Here is a picture of a bilobate placenta. As you can see, the vessels enter the membranes first and then the placentae. You can look up velamentous cord insertion to better understand the risks. It sounds as though your midwife has a good back up doc and the hospital will be better able to monitor you during labor. Hope all goes well! I had an unknown succenturiate lobe with my last baby, which also has vessels running through the membranes. We had no issues with the delivery.

http://www.obgynclinics.net/gallery/Placenta_Miscellaneo_g61-Bilobate_placenta__p247.html


----------



## jash (Apr 11, 2013)

Thanks so much for the info!
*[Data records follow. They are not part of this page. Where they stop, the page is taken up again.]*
(* Let $D$ be a dissection of the unit square $[0,1]^2$ into $n$ triangles. Then there exists a dissection $D'$ of the unit square into $n+2$ triangles with $\mathcal{R}(D')=\frac{n}{n+2}\mathcal{R}(D)$ and $\mathrm{RMS}(D')=\bigl(\frac{n}{n+2}\bigr)^{3/2}\mathrm{RMS}(D)$.
   Context: A dissection of a polygon $P$ of area $E$ is a finite set of triangles with disjoint interiors whose union is $P$. If its triangles have areas $a_1,\dots,a_n$, the range is $\mathcal{R}(D)=\max_{i,j}|a_i-a_j|$ and $\mathrm{RMS}(D)=\sqrt{\frac1n\sum_{i=1}^n(a_i-E/n)^2}$. *)

From Stdlib Require Import Reals List.
Open Scope R_scope.

Definition point : Type := (R * R)%type.
Definition tri : Type := (point * point * point)%type.

Definition tri_area (T : tri) : R :=
  let '(A, B, C) := T in
  let '(ax, ay) := A in let '(bx, by_) := B in let '(cx, cy) := C in
  Rabs ((bx - ax) * (cy - ay) - (cx - ax) * (by_ - ay)) / 2.

Definition in_closed_tri (T : tri) (p : point) : Prop :=
  let '(A, B, C) := T in
  exists a b c : R, 0 <= a /\ 0 <= b /\ 0 <= c /\ a + b + c = 1 /\
    fst p = a * fst A + b * fst B + c * fst C /\
    snd p = a * snd A + b * snd B + c * snd C.

Definition in_open_tri (T : tri) (p : point) : Prop :=
  let '(A, B, C) := T in
  exists a b c : R, 0 < a /\ 0 < b /\ 0 < c /\ a + b + c = 1 /\
    fst p = a * fst A + b * fst B + c * fst C /\
    snd p = a * snd A + b * snd B + c * snd C.

Definition in_unit_square (p : point) : Prop :=
  0 <= fst p <= 1 /\ 0 <= snd p <= 1.

Definition is_dissection (P : point -> Prop) (D : list tri) : Prop :=
  (forall T, In T D -> 0 < tri_area T) /\
  (forall i j : nat, (i < length D)%nat -> (j < length D)%nat -> i <> j ->
     forall p, ~ (in_open_tri (nth i D ((0,0),(0,0),(0,0))) p /\
                  in_open_tri (nth j D ((0,0),(0,0),(0,0))) p)) /\
  (forall p, P p <-> exists T, In T D /\ in_closed_tri T p).

Definition areas (D : list tri) : list R := map tri_area D.

Definition range (D : list tri) : R :=
  let l := areas D in
  fold_right Rmax 0 (map (fun a => fold_right Rmax 0 (map (fun b => Rabs (a - b)) l)) l).

Definition sumR (l : list R) : R := fold_right Rplus 0 l.

(* RMS with respect to the total area E of the dissected polygon. *)
Definition rms (E : R) (D : list tri) : R :=
  let n := INR (length D) in
  sqrt (/ n * sumR (map (fun a => (a - E / n) ^ 2) (areas D))).

(* Squeeze the dissection horizontally into [0, c] x [0, 1], c = n / (n + 2), and cut the
   remaining strip [c, 1] x [0, 1] along a diagonal into two triangles of area
   (1 - c) / 2 = c / n.  Every old area is multiplied by c and the two new ones are c times the
   old mean 1 / n, so all deviations from the mean scale by c: the range by c (the mean lies
   between the smallest and the largest area) and the RMS by c * sqrt (n / (n + 2)) = c^(3/2).

   That the old mean is 1 / n, i.e. that the areas of a dissection of the square add up to 1,
   comes from integrating along vertical lines x = t: on each line the open slices of the
   triangles are disjoint open segments of [0, 1] and the closed slices cover [0, 1], while the
   slice length of a triangle is a tent function of t whose integral is the area. *)

From Stdlib Require Import Reals List Lra Lia Psatz Classical IndefiniteDescription Wf_nat.
From Coquelicot Require Import Coquelicot.
Import ListNotations.
Open Scope R_scope.

Lemma is_RInt_ramp_up (c a b : R) :
  is_RInt (fun t => c * (t - a)) a b (c * (b - a) ^ 2 / 2).
Proof.
  replace (c * (b - a) ^ 2 / 2) with
    (minus ((fun t => c * (t - a) ^ 2 / 2) b) ((fun t => c * (t - a) ^ 2 / 2) a))
    by (unfold minus, plus, opp; simpl; field).
  apply (is_RInt_derive (fun t => c * (t - a) ^ 2 / 2)).
  - intros x _. auto_derive; [easy | simpl; field].
  - intros x _. apply (ex_derive_continuous (V := R_CompleteNormedModule)). auto_derive. easy.
Qed.

Lemma is_RInt_ramp_down (c a b : R) :
  is_RInt (fun t => c * (b - t)) a b (c * (b - a) ^ 2 / 2).
Proof.
  replace (c * (b - a) ^ 2 / 2) with
    (minus ((fun t => - (c * (b - t) ^ 2 / 2)) b) ((fun t => - (c * (b - t) ^ 2 / 2)) a))
    by (unfold minus, plus, opp; simpl; field).
  apply (is_RInt_derive (fun t => - (c * (b - t) ^ 2 / 2))).
  - intros x _. auto_derive; [easy | simpl; field].
  - intros x _. apply (ex_derive_continuous (V := R_CompleteNormedModule)). auto_derive. easy.
Qed.

Lemma is_RInt_ext_open (f g : R -> R) (a b If : R) : a <= b ->
  (forall t, a < t < b -> f t = g t) -> is_RInt g a b If -> is_RInt f a b If.
Proof.
  intros Hab Hfg. apply is_RInt_ext. intros t.
  rewrite Rmin_left, Rmax_right by lra. intros Ht. symmetry. now apply Hfg.
Qed.

Lemma is_RInt_const_R (k a b : R) : is_RInt (fun _ => k) a b ((b - a) * k).
Proof. exact (is_RInt_const (V := R_NormedModule) a b k). Qed.

Lemma is_RInt_null (h : R -> R) (a b : R) :
  a <= b -> (forall t, a < t < b -> h t = 0) -> is_RInt h a b 0.
Proof.
  intros Hab H. apply (is_RInt_ext_open h (fun _ => 0)); [easy | easy |].
  assert (K := is_RInt_const_R 0 a b). now rewrite Rmult_0_r in K.
Qed.

Lemma is_RInt_tent (h : R -> R) (x0 x1 x2 k : R) :
  0 <= x0 -> x0 <= x1 -> x1 <= x2 -> x2 <= 1 ->
  (forall t, 0 < t < x0 -> h t = 0) ->
  (forall t, x0 < t < x1 -> h t = k / (x1 - x0) * (t - x0)) ->
  (forall t, x1 < t < x2 -> h t = k / (x2 - x1) * (x2 - t)) ->
  (forall t, x2 < t < 1 -> h t = 0) ->
  is_RInt h 0 1 (k * (x2 - x0) / 2).
Proof.
  intros h0 h1 h2 h3 H0 H1 H2 H3.
  assert (I1 : is_RInt h x0 x1 (k * (x1 - x0) / 2)).
  { destruct (Req_dec x0 x1) as [<- | E].
    - replace (k * (x0 - x0) / 2) with (@zero R_NormedModule)
        by (unfold zero; simpl; field).
      apply is_RInt_point.
    - apply (is_RInt_ext_open _ _ _ _ _ h1 H1).
      replace (k * (x1 - x0) / 2) with (k / (x1 - x0) * (x1 - x0) ^ 2 / 2) by (field; lra).
      apply is_RInt_ramp_up. }
  assert (I2 : is_RInt h x1 x2 (k * (x2 - x1) / 2)).
  { destruct (Req_dec x1 x2) as [<- | E].
    - replace (k * (x1 - x1) / 2) with (@zero R_NormedModule)
        by (unfold zero; simpl; field).
      apply is_RInt_point.
    - apply (is_RInt_ext_open _ _ _ _ _ h2 H2).
      replace (k * (x2 - x1) / 2) with (k / (x2 - x1) * (x2 - x1) ^ 2 / 2) by (field; lra).
      apply is_RInt_ramp_down. }
  assert (J := is_RInt_Chasles h _ _ _ _ _
    (is_RInt_Chasles h _ _ _ _ _ (is_RInt_Chasles h _ _ _ _ _ (is_RInt_null h 0 x0 h0 H0) I1) I2)
    (is_RInt_null h x2 1 h3 H3)).
  replace (k * (x2 - x0) / 2) with (plus (plus (plus 0 (k * (x1 - x0) / 2)) (k * (x2 - x1) / 2)) 0)
    by (unfold plus; simpl; field).
  exact J.
Qed.

Definition in_segment (s : R * R) (y : R) : Prop := fst s <= y <= fst s + snd s.
Definition in_open_segment (s : R * R) (y : R) : Prop := fst s < y < fst s + snd s.
Definition open_disjoint (s s' : R * R) : Prop :=
  forall y, ~ (in_open_segment s y /\ in_open_segment s' y).

Lemma sumR_app (l1 l2 : list R) : sumR (l1 ++ l2) = sumR l1 + sumR l2.
Proof. induction l1 as [|x l1 IH]; simpl; [ring | rewrite IH; ring]. Qed.

Lemma sumR_nonneg (l : list R) : (forall x, In x l -> 0 <= x) -> 0 <= sumR l.
Proof.
  induction l as [|x l IH]; simpl; intros H; [lra |].
  assert (0 <= x) by auto. assert (0 <= sumR l) by auto. lra.
Qed.

Lemma sumR_map_filter {A} (f : A -> R) (p : A -> bool) (L : list A) :
  sumR (map f L) =
  sumR (map f (filter p L)) + sumR (map f (filter (fun x => negb (p x)) L)).
Proof. induction L as [|x L IH]; simpl; [ring |]. destruct (p x); simpl; rewrite IH; ring. Qed.

Lemma ForallOrdPairs_filter {A} (R : A -> A -> Prop) (p : A -> bool) (L : list A) :
  ForallOrdPairs R L -> ForallOrdPairs R (filter p L).
Proof.
  induction 1 as [|a l Ha Hl IH]; simpl; [constructor |]. destruct (p a); [|easy].
  constructor; [|easy]. rewrite Forall_forall in *. intros x Hx.
  apply filter_In in Hx. apply Ha, Hx.
Qed.

Lemma segments_cover_length (L : list (R * R)) (u v : R) : u <= v ->
  (forall s, In s L -> 0 <= snd s) ->
  (forall y, u <= y <= v -> exists s, In s L /\ in_segment s y) ->
  v - u <= sumR (map snd L).
Proof.
  revert u v.
  induction L as [L IH] using (well_founded_ind (well_founded_ltof _ (@length (R * R)))).
  intros u v Huv Hnn Hcov.
  destruct (Hcov u) as ([a l] & Hin & Hu); [lra |]. unfold in_segment in Hu; simpl in Hu.
  destruct (in_split _ _ Hin) as (L1 & L2 & ->).
  set (L' := L1 ++ L2).
  assert (HL' : forall s, In s L' -> In s (L1 ++ (a, l) :: L2)).
  { intros s Hs. apply in_app_or in Hs. apply in_or_app. simpl. tauto. }
  assert (Hsum : sumR (map snd (L1 ++ (a, l) :: L2)) = l + sumR (map snd L')).
  { unfold L'. rewrite !map_app, !sumR_app. simpl. ring. }
  rewrite Hsum.
  assert (Hs0 : 0 <= sumR (map snd L')).
  { apply sumR_nonneg. intros x Hx. apply in_map_iff in Hx.
    destruct Hx as (s & <- & Hs). apply Hnn, HL', Hs. }
  (* Past [a + l] the segment [(a, l)] is useless: [L'] covers each [[w, v]] with [w > a + l]. *)
  assert (Hrest : forall w, a + l < w <= v -> v - w <= sumR (map snd L')).
  { intros w Hw. apply IH; [| lra | intros s Hs; apply Hnn, HL', Hs |].
    - unfold ltof, L'. rewrite !length_app. simpl. lia.
    - intros y Hy. destruct (Hcov y) as (s & Hs & Hys); [lra |].
      apply in_app_or in Hs. destruct Hs as [Hs | [<- | Hs]].
      + exists s. split; [apply in_or_app |]; auto.
      + unfold in_segment in Hys; simpl in Hys. lra.
      + exists s. split; [apply in_or_app |]; auto. }
  destruct (Rle_dec (v - (a + l)) (sumR (map snd L'))) as [H | H]; [lra |].
  specialize (Hrest ((a + l + v - sumR (map snd L')) / 2) ltac:(lra)). lra.
Qed.

Lemma open_disjoint_apart (s s' : R * R) : 0 < snd s -> 0 < snd s' -> open_disjoint s s' ->
  fst s' + snd s' <= fst s \/ fst s + snd s <= fst s'.
Proof.
  destruct s as [a l], s' as [c m]; unfold open_disjoint, in_open_segment; simpl.
  intros Hl Hm H.
  destruct (Rle_dec (c + m) a); [now left |]. destruct (Rle_dec (a + l) c); [now right |].
  exfalso. apply (H ((Rmax a c + Rmin (a + l) (c + m)) / 2)).
  unfold Rmax, Rmin. repeat destruct (Rle_dec _ _); lra.
Qed.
I now know what we are facing & it helps me understand why the change. I just got a random call from an old high school friend who still lives in the area & talk about providential, she happened to know & also went to the doc I am being referred to. She said he is amazing & I will really like him. I would however, still like to meet him before.

based on all the info out there, it seems like the most common recommendation is c-section, however, my midwife didn't mention anything like that, so I am not sure what to expect.

I feel better knowing what I could potentially be up against though.

Now I pray because I want my baby boy to be safe & my baby girl needs me & complications during labor will be a mess, especially since I am by myself when it comes to my babies. I can't afford for any complications, especially since I am currently on my own as their dad is not currently with us. Pray, pray, pray!!!


----------



## womenswisdom (Jan 5, 2008)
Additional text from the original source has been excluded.